The decision to overturn Amrine’s conviction also constitutes a challenge of the U.S. Supreme Court, which has acted to limit death row prisoners to one habeas corpus appeal of their conviction, and of Congress, which codified that grim limit in 1996 with passage of the Effective Death Penalty Act. In their ruling, the Missouri justices insisted that courts “always have the responsibility to evaluate the quality of the evidence in a death penalty case.”
The decision is a belated rebuff to U.S. Attorney General John Ashcroft, who earlier, as attorney general for the state of Missouri, made the decision to seek to block Amrine’s appeal in federal court.
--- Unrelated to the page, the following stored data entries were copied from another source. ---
(* Let $\mathcal F$ be a class of functions $\mathcal X\to[0,1]$, let $r^*=r^*(\mathcal G)$ be a localization radius of $\mathcal G=\{(f-g)^2:f,g\in\mathcal F\}$, let $S'\in(\mathcal X\times[0,1])^n$ be arbitrary, let $c\in\mathcal F$, and for $\bar\gamma>0$ let $\mathcal F_c(\bar\gamma)=\{f\in\mathcal F:d_{S'}(f,c)\le\bar\gamma\}$. Then for every $\bar\gamma\ge\sqrt{r^*}$, $$\hat{\mathfrak R}_n(\ell\circ\mathcal F_c(\bar\gamma),S')\le\bar\gamma\sqrt{r^*}+\frac{24}{\sqrt n}\int_0^{\bar\gamma}\sqrt{\log\mathcal N_2(\mathcal F,\rho,S')}\,d\rho.$$
   Context: $\mathcal Z=\mathcal X\times[0,1]$; for $S=\{(x_i,y_i)\}_{i\le n}$, $d_S(f,g)=(\frac1n\sum_i(f(x_i)-g(x_i))^2)^{1/2}$ and $\mathcal N_2(\mathcal F,\rho,S)$ is the minimal size of a $\rho$-cover of $\mathcal F$ in $d_S$. $\ell\circ\mathcal H=\{(x,y)\mapsto(f(x)-y)^2:f\in\mathcal H\}$. For a class $\mathcal G$ of real functions on $\mathcal Z$ and $S=\{z_1,\dots,z_n\}\in\mathcal Z^n$, $\hat{\mathfrak R}_n(\mathcal G,S)=\mathbb E_\sigma\sup_{g\in\mathcal G}\frac1n\sum_{i=1}^n\sigma_ig(z_i)$ with $\sigma_i$ i.i.d. uniform on $\{-1,1\}$; $\mathcal G[r,S]=\{g\in\mathcal G:\frac1n\sum_{i=1}^ng(z_i)\le r\}$. A localization radius $r^*(\mathcal G)$ is any number that is at least the largest solution of $\phi_n(r)=r$, for some function $\phi_n:[0,\infty)\to[0,\infty)$ that is nondecreasing, such that $\phi_n(r)/\sqrt r$ is nonincreasing on $(0,\infty)$, and such that $\sup_{S\in\mathcal Z^n}\hat{\mathfrak R}_n(\mathcal G[r,S],S)\le\phi_n(r)$ for all $r>0$. *)

From Stdlib Require Import Reals Lra Lia List ClassicalEpsilon.
Open Scope R_scope.
(* Let G have girth g and suppose 16 W(G) <= g; we show that
   every existential-positive sentence with at most w = W(G) variables that is
   true in G is true in K_3, contradicting the definition of W(G).

   A vertex set Z with |Z| < g induces a forest, so it has a
      vertex of degree <= 1 in Z and the degrees in Z sum to at most 2|Z|.
   2. Extending 3-colourings.  A colouring of S extends to X u S, for |X u S| < g,
      as soon as it extends to Y u S for every small Y (|Y| <= 2|S|): peel off
      vertices of degree <= 2, and by the degree bound at most 2|S| vertices of
      degree >= 3 remain.  Call a colouring of S M-robust if it extends to
      X u S for every |X| <= M; a robust colouring can be extended to one more
      vertex (with a colour that works against all three candidate refutations).
   3. Duplicator's strategy.  Maintain an M-robust colouring c of the vertices
      currently named by the G-assignment, with the K_3-assignment equal to c
      composed with it; by induction on the formula, satisfaction transfers
      from G to K_3.  With M = 2w this needs only 7w < g. *)

Section SparseGraphs.

Variables (T : finType) (e : rel T).
Hypotheses (e_sym : symmetric e) (e_irr : irreflexive e).
Variable g : nat.
Hypothesis girth_ge : forall l, has_cycle_of_length e l -> g <= l.

Definition deg (Z : {set T}) (x : T) : nat := #|[set y in Z | e x y]|.

Lemma uniq_size_le_card (Z : {set T}) (s : seq T) :
  uniq s -> all (mem Z) s -> size s <= #|Z|.
Proof.
move=> us /allP sZ; rewrite -(card_uniqP us); apply: subset_leq_card.
by apply/subsetP => x /sZ.
Qed.

Lemma path_no_chord (Z : {set T}) x q y :
  #|Z| < g -> x \in Z -> all (mem Z) q -> uniq (x :: q) -> path e x q ->
  y \in q -> e x y -> exists q2, q = y :: q2.
Proof.
move=> Zg xZ qZ uq pq yq exy.
case/splitPr: yq uq pq qZ => [[|a q1] q2] uq pq qZ; first by exists q2.
set p := x :: rcons (a :: q1) y.
have up : uniq p.
  by move: uq; rewrite /p -cat_cons -cat_rcons cat_uniq => /andP[].
have cp : cycle e p.
  rewrite /p /cycle rcons_path last_rcons e_sym exy andbT.
  move: pq; rewrite cat_path => /andP[/= /andP[-> pq1] /andP[ey _]].
  by rewrite rcons_path pq1.
have pZ : size p <= #|Z|.
  apply: uniq_size_le_card => //.
  by move: qZ; rewrite /p /= xZ all_cat all_rcons /= => /and4P[-> -> -> _].
have p3 : 3 <= size p by rewrite /p /= size_rcons.
by have := girth_ge (ex_intro _ p (And4 (erefl _) p3 up cp)); lia.
Qed.

(* Every nonempty set smaller than the girth contains a vertex of degree at
   most one: otherwise one could grow simple paths of unbounded length. *)
Lemma low_degree_vertex (Z : {set T}) :
  #|Z| < g -> Z != set0 -> exists2 z, z \in Z & deg Z z <= 1.
Proof.
move=> Zg /set0Pn[z0 z0Z].
have [/exists_inP[z zZ dz]|/exists_inPn deg2] := boolP [exists z in Z, deg Z z <= 1].
  by exists z.
have {}deg2 z : z \in Z -> 1 < deg Z z by move/deg2; rewrite leqNgt negbK.
suff long n : exists x q, [/\ size q = n.+1, x \in Z, all (mem Z) q,
                             uniq (x :: q) & path e x q].
  have [x [q [sq xZ qZ uq _]]] := long #|Z|.
  by have := uniq_size_le_card (Z := Z) uq; rewrite /= xZ qZ sq => /(_ isT); lia.
elim: n => [|n [x [q [sq xZ qZ uq pq]]]].
  have : 0 < deg Z z0 by have := deg2 _ z0Z; lia.
  rewrite card_gt0 => /set0Pn[y]; rewrite inE => /andP[yZ ez0y].
  exists y, [:: z0]; split => //=; first by rewrite z0Z.
    by rewrite inE andbT; apply: contraTneq ez0y => ->; rewrite e_irr.
  by rewrite e_sym ez0y.
case: q sq qZ uq pq => [//|h q] [sq] qZ uq pq.
have : ~~ ([set y in Z | e x y] \subset [set h]).
  by apply/negP => /subset_leq_card; rewrite cards1; have := deg2 _ xZ; rewrite /deg; lia.
case/subsetPn => y; rewrite !inE => /andP[yZ exy] yh.
have yq : y \notin x :: h :: q.
  rewrite in_cons negb_or; apply/andP; split.
    by apply: contraTneq exy => ->; rewrite e_irr.
  apply/negP => yq; have [q2 [hy _]] := path_no_chord Zg xZ qZ uq pq yq exy.
  by rewrite hy eqxx in yh.
exists y, [:: x, h & q]; split => //=; first by rewrite sq.
- by rewrite xZ.
- by rewrite yq.
- by rewrite e_sym exy.
Qed.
While a state court ruling carries no precedent value in federal courts or the courts of other states, Gibson says the Amrine decision will nonetheless help other death row cases where there have been belated recantations. “When you think about it, it doesn’t seem like a very radical concept to say that if the witnesses in a case have recanted, a court should reexamine the case,” says Gibson, “but these days, the federal courts are putting procedure before substance. In this case, the state court has said that substance matters more than procedure.”
Despite the victory, Gibson and O’Brien are ambivalent as they consider its impact. “It’s real nice that Joe is going to be free,” says Gibson, “but the fact that it took 17 years to get a case that had this many problems thrown out doesn’t speak very well of our legal system.”